Ithaca is a village in Darke County, Ohio, United States. The population was 81 at the 2020 census.

==History==
John Colville platted Ithaca in 1832 and gave it the name of "Twinsborough." Its location on an established highway and along the Ohio Electric Railway caused the community to grow rapidly. The present name is a transfer from Ithaca, New York.

In 2024, David Peterson, mayor from 2012 to 2020, was indicted for theft in office. He pleaded guilty and was ordered to pay $38,845.46 in restitution.

==Geography==

According to the United States Census Bureau, the village has a total area of 0.03 sqmi, all land.

==Demographics==

Historical population
| Census | Pop. | Note | %± |
| 1870 | 150 |  | — |
| 1880 | 128 |  | −14.7% |
| 1890 | 135 |  | 5.5% |
| 1900 | 113 |  | −16.3% |
| 1910 | 100 |  | −11.5% |
| 1920 | 82 |  | −18.0% |
| 1930 | 76 |  | −7.3% |
| 1940 | 142 |  | 86.8% |
| 1950 | 146 |  | 2.8% |
| 1960 | 153 |  | 4.8% |
| 1970 | 161 |  | 5.2% |
| 1980 | 130 |  | −19.3% |
| 1990 | 119 |  | −8.5% |
| 2000 | 102 |  | −14.3% |
| 2010 | 136 |  | 33.3% |
| 2020 | 81 |  | −40.4% |
U.S. Decennial Census

===2010 census===
As of the census of 2010, there were 136 people, 44 households, and 35 families living in the village. The population density was 4533.3 PD/sqmi. There were 52 housing units at an average density of 1733.3 /sqmi. The racial makeup of the village was 99.3% White and 0.7% Asian. Hispanic or Latino of any race were 3.7% of the population.

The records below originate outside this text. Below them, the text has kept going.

Definition has_rderiv_on (a b : R) (g g' : R -> R) : Prop :=
  forall s, a <= s <= b -> forall eps, eps > 0 -> exists delta, delta > 0 /\
  forall s', a <= s' <= b -> Rabs (s' - s) < delta ->
    Rabs (g s' - g s - g' s * (s' - s)) <= eps * Rabs (s' - s).

Lemma has_rderiv_on_vdot_l {n} a b (g : vec n) (x x' : R -> vec n) :
  has_vderiv_on a b x x' ->
  has_rderiv_on a b (fun s => vdot g (x s)) (fun s => vdot g (x' s)).
Proof.
intros Hx s Hs eps Heps.
pose proof (vnorm_nonneg g). set (K := vnorm g + 1).
assert (HK : 0 < K) by (unfold K; lra).
destruct (Hx s Hs (eps / K)) as [d [Hd Hxs]]; [apply Rdiv_lt_0_compat; lra|].
exists d. split; [exact Hd|]. intros s' Hs' Hh. specialize (Hxs s' Hs' Hh).
pose proof (Rabs_pos (s' - s)).
rewrite <- vdot_sub_r.
eapply Rle_trans; [apply vdot_remainder_le|].
apply Rle_trans with (vnorm g * (eps / K * Rabs (s' - s))); [apply Rmult_le_compat_l; assumption|].
replace (vnorm g * (eps / K * Rabs (s' - s))) with (vnorm g / K * (eps * Rabs (s' - s)))
  by (field; lra).
rewrite <- (Rmult_1_l (eps * Rabs (s' - s))) at 2.
apply Rmult_le_compat_r; [nra|].
apply Rmult_le_reg_r with K; [exact HK|].
replace (vnorm g / K * K) with (vnorm g) by (field; lra). unfold K. lra.
Qed.

Lemma has_rderiv_on_comp_curves n T V Vt Vx Vxr a b (x y x' y' : R -> vec n) :
  has_derivs_on T V Vt Vx Vxr -> 0 <= a -> b <= T ->
  has_vderiv_on a b x x' -> has_vderiv_on a b y y' ->
  has_rderiv_on a b (fun s => V s (x s) (y s))
    (fun s => Vt s (x s) (y s) + vdot (Vx s (x s) (y s)) (x' s)
              + vdot (Vxr s (x s) (y s)) (y' s)).
Proof.
intros HV Ha Hb Hx Hy s Hs eps Heps.
assert (Hs0 : in_interval 0 T s) by (unfold in_interval; lra).
set (gx := Vx s (x s) (y s)). set (gy := Vxr s (x s) (y s)).
pose proof (vnorm_nonneg (x' s)). pose proof (vnorm_nonneg (y' s)).
set (L := 3 + vnorm (x' s) + vnorm (y' s)).
assert (HL : 0 < L) by (unfold L; lra).
destruct (HV s (x s) (y s) Hs0 (eps / (2 * L))) as [dV [HdV HVs]].
{ apply Rdiv_lt_0_compat; lra. }
destruct (has_rderiv_on_vdot_l a b gx x x' Hx s Hs (eps / 4)) as [dx [Hdx Hxs]]; [lra|].
destruct (has_rderiv_on_vdot_l a b gy y y' Hy s Hs (eps / 4)) as [dy [Hdy Hys]]; [lra|].
destruct (has_vderiv_on_lipschitz_at a b x x' s Hx Hs) as [lx [Hlx Hxl]].
destruct (has_vderiv_on_lipschitz_at a b y y' s Hy Hs) as [ly [Hly Hyl]].
exists (Rmin (Rmin dx dy) (Rmin (Rmin lx ly) (dV / L))). split.
{ repeat apply Rmin_pos; try assumption. apply Rdiv_lt_0_compat; lra. }
intros s' Hs' Hh.
apply Rmin_Rgt_l in Hh as [[Hhx Hhy]%Rmin_Rgt_l [[Hlx' Hly']%Rmin_Rgt_l HhV]%Rmin_Rgt_l].
assert (Hs0' : in_interval 0 T s') by (unfold in_interval in *; lra).
specialize (Hxs s' Hs' Hhx). specialize (Hys s' Hs' Hhy).
specialize (Hxl s' Hs' Hlx'). specialize (Hyl s' Hs' Hly').
rewrite <- vdot_sub_r in Hxs, Hys.
set (h := s' - s) in *.
set (dxs := vsub (x s') (x s)) in *. set (dys := vsub (y s') (y s)) in *.
pose proof (Rabs_pos h).
assert (Hdisp : Rabs h + vnorm dxs + vnorm dys <= L * Rabs h) by (unfold L; lra).
assert (Hnear : Rabs h + vnorm dxs + vnorm dys < dV).
{ apply Rle_lt_trans with (L * Rabs h); [exact Hdisp|].
  apply Rmult_lt_compat_l with (r := L) in HhV; [|exact HL].
  replace (L * (dV / L)) with dV in HhV by (field; lra). lra. }
assert (HVbound : Rabs (V s' (x s') (y s') - V s (x s) (y s) - Vt s (x s) (y s) * h
                        - vdot gx dxs - vdot gy dys) <= eps / 2 * Rabs h).
{ eapply Rle_trans; [apply (HVs s' (x s') (y s') Hs0' Hnear)|].
  apply Rle_trans with (eps / (2 * L) * (L * Rabs h)).
  - apply Rmult_le_compat_l; [left; apply Rdiv_lt_0_compat; lra|]. fold h dxs dys. exact Hdisp.
  - right. field. lra. }
fold gx gy.
set (G := V s' (x s') (y s') - V s (x s) (y s) - Vt s (x s) (y s) * h
          - vdot gx dxs - vdot gy dys) in HVbound.
set (Gx := vdot gx dxs - vdot gx (x' s) * h) in Hxs.
set (Gy := vdot gy dys - vdot gy (y' s) * h) in Hys.
replace (V s' (x s') (y s') - V s (x s) (y s)
         - (Vt s (x s) (y s) + vdot gx (x' s) + vdot gy (y' s)) * h)
  with (G + Gx + Gy) by (unfold G, Gx, Gy; ring).
pose proof (Rabs_triang (G + Gx) Gy). pose proof (Rabs_triang G Gx).
lra.
Qed.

There were 44 households, of which 40.9% had children under the age of 18 living with them, 75.0% were married couples living together, 4.5% had a female householder with no husband present, and 20.5% were non-families. 6.8% of all households were made up of individuals. The average household size was 3.09 and the average family size was 3.37.

The median age in the village was 34.3 years. 27.9% of residents were under the age of 18; 12.6% were between the ages of 18 and 24; 27.2% were from 25 to 44; 19.9% were from 45 to 64; and 12.5% were 65 years of age or older. The gender makeup of the village was 46.3% male and 53.7% female.

===2000 census===
As of the census of 2000, there were 102 people, 36 households, and 28 families living in the village. The population density was 3,363.0 PD/sqmi. There were 38 housing units at an average density of 1,252.9 /sqmi. The racial makeup of the village was 100.00% White.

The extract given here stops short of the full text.